▸ **Data items**
************
(* Let $u_0\in H^1(\mathbb S)$ with $h=\int_{\mathbb S}u_{0x}^2\neq1$, and let $u$ be a global admissible conservative weak solution with initial datum $u_0$ (defined below). For each $t\ge0$ and $\beta\in\mathbb R$, define $y(t,\beta)$ implicitly by $$y(t,\beta)+\int_0^{y(t,\beta)}u_x^2(t,z)\,dz=(1+h)\beta.$$ Then, for every $t\ge0$, the maps $\beta\mapsto y(t,\beta)$ and $\beta\mapsto u(t,y(t,\beta))$ are Lipschitz continuous with constant $1+h$.
   Context: $\mathbb S=\mathbb R/\mathbb Z$. For $w$ on $\mathbb S$ write - $\overline w=\int_{\mathbb S}w$; - $\mathbb Pw=w-\overline w$; - $\partial_x^{-1}w(x)=\int_0^x\mathbb Pw$. Test functions $\psi\in C_0^\infty(\mathbb R^+;\mathcal D(\mathbb S))$ are smooth, 1-periodic in $x$, and compactly supported in $t\in[0,\infty)$. Also $$f(t)=\frac{1}{1-h}\int_{\mathbb S}(1-u_x^2)\,\partial_x^{-1}(u-uu_x^2)\,dy.$$ A function $u\in L^\infty(\mathbb R^+;H^1(\mathbb S))$ is a global admissible conservative weak solution if all of the following hold for all test functions $\psi$. (i) $$\iint(u\psi_{tx}+u^2u_x\psi_x)=\iint\big(u-uu_x^2-\overline{u-uu_x^2}\big)\psi+\int_{\mathbb S}u_{0x}\psi(0,\cdot).$$ (ii) $$\iint(u\psi_t-\tfrac13u^3\psi_x)=-\iint\big(\partial_x^{-1}(u-uu_x^2)-f(t)\big)\psi-\int_{\mathbb S}u_0\psi(0,\cdot).$$ (iii) $\int_{\mathbb S}u_x^2$ and $\int_{\mathbb S}(u-uu_x^2)$ are constant in time. (iv) $$\iint(u_x^2\psi_t-u^2u_x^2\psi_x)=-\iint\big((u^2)_x-2u_x\overline{u-uu_x^2}\big)\psi-\int_{\mathbb S}u_{0x}^2\psi(0,\cdot).$$ Here all double integrals are over $\mathbb R^+\times\mathbb S$. *)

From HB Require Import structures.
From mathcomp Require Import all_boot all_order all_algebra.
From mathcomp Require Import all_classical all_reals all_analysis.
Set Implicit Arguments. Unset Strict Implicit. Unset Printing Implicit Defensive.
Import Order.TTheory GRing.Theory Num.Theory.
Import numFieldNormedType.Exports.
Local Open Scope classical_set_scope.
Local Open Scope ring_scope.

Section Defs.
Variable R : realType.
Local Notation mu := (@lebesgue_measure R).

(* integral over the circle S = R/Z, i.e. over one period [0,1] *)
Definition intCirc (w : R -> R) : R := \int[mu]_(x in `[0, 1]) w x.

Definition meanS (w : R -> R) : R := intCirc w.

Definition projP (w : R -> R) : R -> R := fun x => w x - meanS w.

Definition oint (a b : R) (f : R -> R) : R :=
  if a <= b then \int[mu]_(x in `[a, b]) f x
  else - \int[mu]_(x in `[b, a]) f x.

Definition invdx (w : R -> R) : R -> R := fun x => oint 0 x (projP w).

Definition dint (F : R -> R -> R) : R :=
  \int[mu]_(t in `[0, +oo[) (\int[mu]_(x in `[0, 1]) F t x).

Definition periodic1 (w : R -> R) : Prop := forall x, w (x + 1) = w x.

(* w is in H^1(S) with weak derivative wx: w, wx are 1-periodic,
   wx is measurable and square integrable on a period, and w is the
   (absolutely continuous) primitive of wx. *)
Definition H1S (w wx : R -> R) : Prop :=
  [/\ periodic1 w, periodic1 wx,
      measurable_fun setT wx,
      mu.-integrable `[0, 1] (fun x => ((wx x) ^+ 2)%:E)
    & forall x, w x = w 0 + oint 0 x wx].

Definition pdt (f : R -> R -> R) : R -> R -> R :=
  fun t x => derive1 (fun s => f s x) t.
Definition pdx (f : R -> R -> R) : R -> R -> R :=
  fun t x => derive1 (fun s => f t s) x.

Fixpoint Cn (n : nat) (f : R -> R -> R) : Prop :=
  match n with
  | 0 => continuous (fun p : R * R => f p.1 p.2)
  | n'.+1 => [/\ continuous (fun p : R * R => f p.1 p.2),
                 (forall t x, derivable (fun s => f s x) t 1),
                 (forall t x, derivable (fun s => f t s) x 1),
                 Cn n' (pdt f) & Cn n' (pdx f)]
  end.

Definition smooth2 (f : R -> R -> R) : Prop := forall n, Cn n f.

Definition test_fun (psi : R -> R -> R) : Prop :=
  [/\ smooth2 psi,
      (forall t, periodic1 (psi t))
    & exists T : R, forall t x, T <= t -> psi t x = 0].

Definition mbar (u ux : R -> R -> R) (t : R) : R :=
  meanS (fun x => u t x - u t x * (ux t x) ^+ 2).

Definition fcoef (h : R) (u ux : R -> R -> R) (t : R) : R :=
  (1 - h)^-1 * intCirc (fun y => (1 - (ux t y) ^+ 2) *
                     invdx (fun z => u t z - u t z * (ux t z) ^+ 2) y).

Definition weak_solution (u0 u0x : R -> R) (u ux : R -> R -> R) : Prop :=
  let h := intCirc (fun x => (u0x x) ^+ 2) in
  (
   (* u in L^oo(R^+; H^1(S)) *)
   (forall t, 0 <= t -> H1S (u t) (ux t)) /\
   (exists M : R, forall t, 0 <= t ->
       intCirc (fun x => (u t x) ^+ 2) + intCirc (fun x => (ux t x) ^+ 2) <= M) /\
   measurable_fun setT (fun p : R * R => u p.1 p.2) /\
   measurable_fun setT (fun p : R * R => ux p.1 p.2) /\
   (forall psi, test_fun psi ->
      dint (fun t x => u t x * pdx (pdt psi) t x
                       + (u t x) ^+ 2 * ux t x * pdx psi t x)
      = dint (fun t x => (u t x - u t x * (ux t x) ^+ 2 - mbar u ux t) * psi t x)
        + intCirc (fun x => u0x x * psi 0 x)) /\
   (forall psi, test_fun psi ->
      dint (fun t x => u t x * pdt psi t x
                       - 3^-1 * (u t x) ^+ 3 * pdx psi t x)
      = - dint (fun t x =>
                  (invdx (fun z => u t z - u t z * (ux t z) ^+ 2) x
                   - fcoef h u ux t) * psi t x)
        - intCirc (fun x => u0 x * psi 0 x)) /\
   (forall t s, 0 <= t -> 0 <= s ->
      intCirc (fun x => (ux t x) ^+ 2) = intCirc (fun x => (ux s x) ^+ 2)
      /\ intCirc (fun x => u t x - u t x * (ux t x) ^+ 2)
         = intCirc (fun x => u s x - u s x * (ux s x) ^+ 2)) /\
   (* (iv)  ((u^2)_x written as 2 u u_x) *)
   (forall psi, test_fun psi ->
      dint (fun t x => (ux t x) ^+ 2 * pdt psi t x
                       - (u t x) ^+ 2 * (ux t x) ^+ 2 * pdx psi t x)
      = - dint (fun t x => (2 * u t x * ux t x - 2 * ux t x * mbar u ux t)
                           * psi t x)
        - intCirc (fun x => (u0x x) ^+ 2 * psi 0 x))).

End Defs.

From HB Require Import structures.
From mathcomp Require Import all_boot all_order all_algebra.
From mathcomp Require Import all_classical all_reals all_analysis.
From mathcomp Require Import measurable_realfun lra.
Import Order.TTheory GRing.Theory Num.Theory.
Import numFieldNormedType.Exports.
Local Open Scope ring_scope.

(* If y(t, b2) <= y(t, b1), subtracting the two defining relations gives
     (y(t, b1) - y(t, b2)) + \int_{y(t, b2)}^{y(t, b1)} u_x(t)^2 = (1 + h) (b1 - b2),
   and the left-hand side dominates both y(t, b1) - y(t, b2) and, since
   |u_x| <= 1 + u_x^2, also \int |u_x(t)| >= |u(t, y(t, b1)) - u(t, y(t, b2))|.
   Only the H^1 structure of u(t) is used: u_x(t)^2 is periodic and integrable
   over a period, hence over every bounded interval. *)

Section lebesgue_shift.
Local Open Scope classical_set_scope.
Context {R : realType}.
Local Notation mu := (@lebesgue_measure R).

Let measurable_addr (c : R) :
  measurable_fun setT ((fun x => x + c) : measurableTypeR R -> measurableTypeR R).
Proof. exact: measurable_funD. Qed.

Lemma lebesgue_measureD (c : R) (A : set R) : measurable A ->
  pushforward mu ((fun x => x + c) : _ -> measurableTypeR R) A = mu A.
Proof.
move=> mA; apply/esym/lebesgue_measure_unique => //= _ [[a b]] _ <-.
rewrite /pushforward.
have -> : (fun x => x + c) @^-1` `]a, b]%classic = `](a - c), (b - c)]%classic.
  by apply/seteqP; split => x /=; rewrite !in_itv /= ltrBlDr lerBrDr.
rewrite !lebesgue_measure_itv /= !lte_fin ltrD2r.
by case: ifP => // _; rewrite -!EFinD opprB addrA subrK.
Qed.

Lemma ge0_integral_shift (c : R) (A : set R) (f : R -> \bar R) :
  measurable A -> measurable_fun setT f -> (forall x, (0 <= f x)%E) ->
  (\int[mu]_(x in A) f x = \int[mu]_(x in (fun x => x + c)%R @^-1` A) f (x + c)%R)%E.
Proof.
move=> mA mf f0.
(* the measure structure of a pushforward depends on a measurability proof,
   hence cannot be inferred *)
pose shifted := measure_function_pushforward__canonical__measure_function_Measure
  mu (measurable_addr c).
transitivity (\int[shifted]_(x in A) f x)%E.
  by apply: eq_measure_integral => B mB _; rewrite /= lebesgue_measureD.
by apply: (ge0_integral_pushforward (measurable_addr c)) => //; exact: measurable_funS mf.
Qed.

End lebesgue_shift.

Section periodic_integral.
Local Open Scope classical_set_scope.
Context {R : realType}.
Local Notation mu := (@lebesgue_measure R).

Lemma periodic1_addz (w : R -> R) : periodic1 w -> forall x (m : int), w (x + m%:~R) = w x.
Proof.
move=> pw.
have addn_period (n : nat) x : w (x + n%:R) = w x.
  by elim: n x => [|n IHn] x; rewrite ?addr0 // -natr1 addrA pw IHn.
move=> x [n|n]; first exact: addn_period.
by rewrite -(addn_period n.+1) NegzE mulrNz subrK.
Qed.

Section ge0_periodic.
Variable g : R -> R.
Hypotheses (pg : periodic1 g) (mg : measurable_fun setT g) (g0 : forall x, 0 <= g x).

Let mgE (D : set R) : measurable_fun D (EFin \o g).
Proof. by apply/measurable_EFinP; exact: measurable_funS mg. Qed.

Let g0E x : (0 <= (g x)%:E)%E.
Proof. by rewrite lee_fin. Qed.

Lemma ge0_integral_period (m : int) :
  (\int[mu]_(x in `[(m%:~R : R), (m%:~R + 1)%R]) (g x)%:E
   = \int[mu]_(x in `[0%R, 1%R]) (g x)%:E)%E.
Proof.
rewrite (ge0_integral_shift m%:~R) //.
rewrite (_ : _ @^-1` _ = `[0, 1]); last first.
  by apply/seteqP; split => x /=; rewrite !in_itv /= lerDr [_ + 1]addrC lerD2r.
by apply: eq_integral => x _; rewrite periodic1_addz.
Qed.

Lemma ge0_integral_periods (n : int) (k : nat) :
  (\int[mu]_(x in `[(n%:~R : R), (n%:~R + k%:R)%R]) (g x)%:E
   = (\int[mu]_(x in `[0%R, 1%R]) (g x)%:E) *+ k)%E.
Proof.
elim: k => [|k IHk]; first by rewrite addr0 set_itv1 integral_set1.
have -> : `[n%:~R, n%:~R + k.+1%:R] =
    `[n%:~R, n%:~R + k%:R] `|` `](n%:~R + k%:R), n%:~R + k%:R + 1] :> set R.
  by rewrite -natr1 addrA; apply: itv_bndbnd_setU; rewrite bnd_simp lerDl.
rewrite ge0_integral_setU //; first last.
- apply/disj_setPS => x [] /=; rewrite !in_itv /= => /andP[_ xk] /andP[kx _].
  by move: (lt_le_trans kx xk); rewrite ltxx.
- exact: mgE.
rewrite integral_itv_obnd_cbnd; last exact: mgE.
rewrite IHk -[k%:R]/(k%:~R : R) -intrD ge0_integral_period.
exact/esym/mulrSr.
Qed.

End ge0_periodic.

Lemma periodic1_integrable_itv (g : R -> R) :
  periodic1 g -> measurable_fun setT g -> mu.-integrable `[0, 1] (EFin \o g) ->
  forall a b, mu.-integrable `[a, b] (EFin \o g).
Proof.
move=> pg mg /integrableP[_ g01] a b.
set N := (Num.truncn (`|a| + `|b|)).+1.
have abN : `[a, b] `<=` `[(- N%:Z)%:~R, (- N%:Z)%:~R + (N + N)%N%:R].
  have := truncnS_gt (`|a| + `|b|); rewrite -/N => Nab.
  have aN := ler_norm (- a); rewrite normrN in aN.
  have bN := ler_norm b; have a0 := normr_ge0 a; have b0 := normr_ge0 b.
  move=> x /=; rewrite !in_itv /= natrD mulrNz pmulrn => /andP[ax xb].
  by apply/andP; split; lra.
apply: (@integrableS _ _ _ mu _ _ _ _ _ abN) => //.
apply/integrableP; split.
  by apply/measurable_EFinP; exact: measurable_funS mg.
have pgn : periodic1 (fun x => `|g x|) by move=> x; rewrite pg.
have mgn : measurable_fun setT (fun x => `|g x|) by exact: measurableT_comp.
under eq_integral do rewrite abse_EFin.
rewrite ge0_integral_periods //.
by rewrite -mule_natr muleC lte_mul_pinfty.
Qed.

End periodic_integral.

Section oriented_integral.
Context {R : realType}.
Local Notation mu := (@lebesgue_measure R).

Lemma Rintegral_itv_split {f : R -> R} {x y z : R} :
  (forall a b, mu.-integrable `[a, b] (EFin \o f)) -> x <= y -> y <= z ->
  \int[mu]_(t in `[x, z]) f t
  = \int[mu]_(t in `[x, y]) f t + \int[mu]_(t in `[y, z]) f t.
Proof.
move=> f_int xy yz.
have := Rintegral_itvB (a := BLeft x) (b := BRight z) (x := y) (f_int x z).
rewrite !bnd_simp => /(_ xy yz); rewrite Rintegral_itv_obnd_cbnd.
  by move=> <-; rewrite addrC subrK.
by apply: integrableS (f_int y z) => //; apply: subset_itvr; rewrite bnd_simp.
Qed.

Lemma ointB {f : R -> R} (c : R) {a b : R} :
  (forall a b, mu.-integrable `[a, b] (EFin \o f)) -> a <= b ->
  oint c b f - oint c a f = \int[mu]_(x in `[a, b]) f x.
Proof.
move=> f_int ab; rewrite /oint.
have [ca|ac] := leP c a.
  by rewrite (le_trans ca ab) (Rintegral_itv_split f_int ca ab) addrC addKr.
have [cb|bc] := leP c b.
  by rewrite opprK (Rintegral_itv_split f_int (ltW ac) cb) addrC.
by rewrite (Rintegral_itv_split f_int ab (ltW bc)) opprK addrC addrK.
Qed.

End oriented_integral.

Lemma normr_le1Dsqr {R : realDomainType} (v : R) : `|v| <= 1 + v ^+ 2.
Proof.
rewrite -real_normK ?num_real //.
have [v1|/ltW v1] := lerP `|v| 1; first by rewrite ler_wpDr ?sqr_ge0.
by rewrite ler_wpDl // expr2 ler_peMl.
Qed.

Lemma lipschitz_of_ordered_increments {R : realDomainType} (Y G : R -> R) (c : R) :
  (forall b1 b2, Y b2 <= Y b1 -> `|G b1 - G b2| <= c * (b1 - b2)) ->
  forall b1 b2, `|G b1 - G b2| <= `|c| * `|b1 - b2|.
Proof.
move=> inc b1 b2; wlog Y21 : b1 b2 / Y b2 <= Y b1.
  move=> ordered; have [/ordered //|/ltW/ordered] := leP (Y b2) (Y b1).
  by rewrite distrC [`|b2 - b1|]distrC.
by rewrite -normrM (le_trans (inc _ _ Y21)) // ler_norm.
Qed.

Section implicit_lipschitz.
Context {R : realType}.
Local Notation mu := (@lebesgue_measure R).
Variables (v F Y : R -> R) (c : R).
Hypotheses (mv : measurable_fun setT v)
  (v2_int : forall a b, mu.-integrable `[a, b] (EFin \o (fun x => v x ^+ 2)))
  (F_prim : forall x, F x = F 0 + oint 0 x v)
  (Y_def : forall b, Y b + oint 0 (Y b) (fun x => v x ^+ 2) = c * b).

Let one_int a b : mu.-integrable `[a, b] (EFin \o cst (1 : R)).
Proof.
apply: continuous_compact_integrable; first exact: segment_compact.
by move=> x; exact: cvg_cst.
Qed.

Let v_int a b : mu.-integrable `[a, b] (EFin \o v).
Proof.
apply: le_integrable (integrableD _ (one_int a b) (v2_int a b)) => //.
  by apply/measurable_EFinP; exact: measurable_funS mv.
move=> x _ /=; rewrite lee_fin [`|1 + _|]ger0_norm ?normr_le1Dsqr //.
by rewrite addr_ge0 ?sqr_ge0.
Qed.

Lemma implicit_increment b1 b2 : Y b2 <= Y b1 ->
  Y b1 - Y b2 + \int[mu]_(x in `[Y b2, Y b1]) v x ^+ 2 = c * (b1 - b2).
Proof.
move=> Y21; rewrite -(ointB 0 v2_int Y21) mulrBr -!Y_def.
by rewrite opprD addrACA.
Qed.

Lemma implicit_lipschitz b1 b2 : `|Y b1 - Y b2| <= `|c| * `|b1 - b2|.
Proof.
apply: (@lipschitz_of_ordered_increments _ Y) => {}b1 {}b2 Y21.
rewrite -implicit_increment // ger0_norm ?subr_ge0 // lerDl.
by apply: Rintegral_ge0 => x _; exact: sqr_ge0.
Qed.

Lemma primitive_implicit_lipschitz b1 b2 :
  `|F (Y b1) - F (Y b2)| <= `|c| * `|b1 - b2|.
Proof.
apply: (@lipschitz_of_ordered_increments _ Y (F \o Y)) => {}b1 {}b2 Y21 /=.
rewrite (F_prim (Y b1)) (F_prim (Y b2)) opprD addrACA subrr add0r.
rewrite (ointB 0 v_int Y21) -implicit_increment //.
apply: le_trans (le_normr_Rintegral _ (v_int _ _)) _ => //.
have -> : Y b1 - Y b2 = \int[mu]_(x in `[Y b2, Y b1]) cst 1 x.
  rewrite Rintegral_cst // mul1r.
  have /= -> := lebesgue_measure_itv `[Y b2, Y b1]; rewrite lte_fin.
  by case: ltgtP Y21 => // ->; rewrite subrr.
rewrite -RintegralD //; apply: le_Rintegral => //.
- exact: integrable_norm.
- exact: (integrableD _ (one_int _ _) (v2_int _ _)).
- by move=> x _; exact: normr_le1Dsqr.
Qed.

End implicit_lipschitz.

Theorem lemma5p4 (R : realType) (u0 u0x : R -> R) (u ux : R -> R -> R)
  (y : R -> R -> R) :
  H1S u0 u0x ->
  intCirc (fun x => (u0x x) ^+ 2) != 1 ->
  weak_solution u0 u0x u ux ->
  (forall t beta, 0 <= t ->
     y t beta + oint 0 (y t beta) (fun z => (ux t z) ^+ 2)
     = (1 + intCirc (fun x => (u0x x) ^+ 2)) * beta) ->
  forall t, 0 <= t ->
    (forall b1 b2, `|y t b1 - y t b2|
                   <= (1 + intCirc (fun x => (u0x x) ^+ 2)) * `|b1 - b2|) /\
    (forall b1 b2, `|u t (y t b1) - u t (y t b2)|
                   <= (1 + intCirc (fun x => (u0x x) ^+ 2)) * `|b1 - b2|).
Proof.
move=> _ _ [u_H1 _] y_def t t0.
have [_ pux mux ux2_01 u_prim] := u_H1 t t0.
have ux2_int a b : (@lebesgue_measure R).-integrable `[a, b]
    (EFin \o (fun x => ux t x ^+ 2)).
  apply: periodic1_integrable_itv => //; first by move=> x; rewrite pux.
  exact: measurable_funX.
have h_ge0 : 0 <= intCirc (fun x => (u0x x) ^+ 2).
  by apply: Rintegral_ge0 => x _; exact: sqr_ge0.
rewrite -[1 + _]ger0_norm ?addr_ge0 //.
split=> b1 b2.
- exact: (implicit_lipschitz _ _ _ ux2_int (y_def t ^~ t0)).
- exact: (primitive_implicit_lipschitz _ _ _ _ mux ux2_int u_prim (y_def t ^~ t0)).
Qed.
************
▸ **Activity**
Copy all lines from the entries that contain the word "addrC".

▸ **Result below**
  by apply/seteqP; split => x /=; rewrite !in_itv /= lerDr [_ + 1]addrC lerD2r.
  by move=> <-; rewrite addrC subrK.
  by rewrite (le_trans ca ab) (Rintegral_itv_split f_int ca ab) addrC addKr.
  by rewrite opprK (Rintegral_itv_split f_int (ltW ac) cb) addrC.
by rewrite (Rintegral_itv_split f_int ab (ltW bc)) opprK addrC addrK.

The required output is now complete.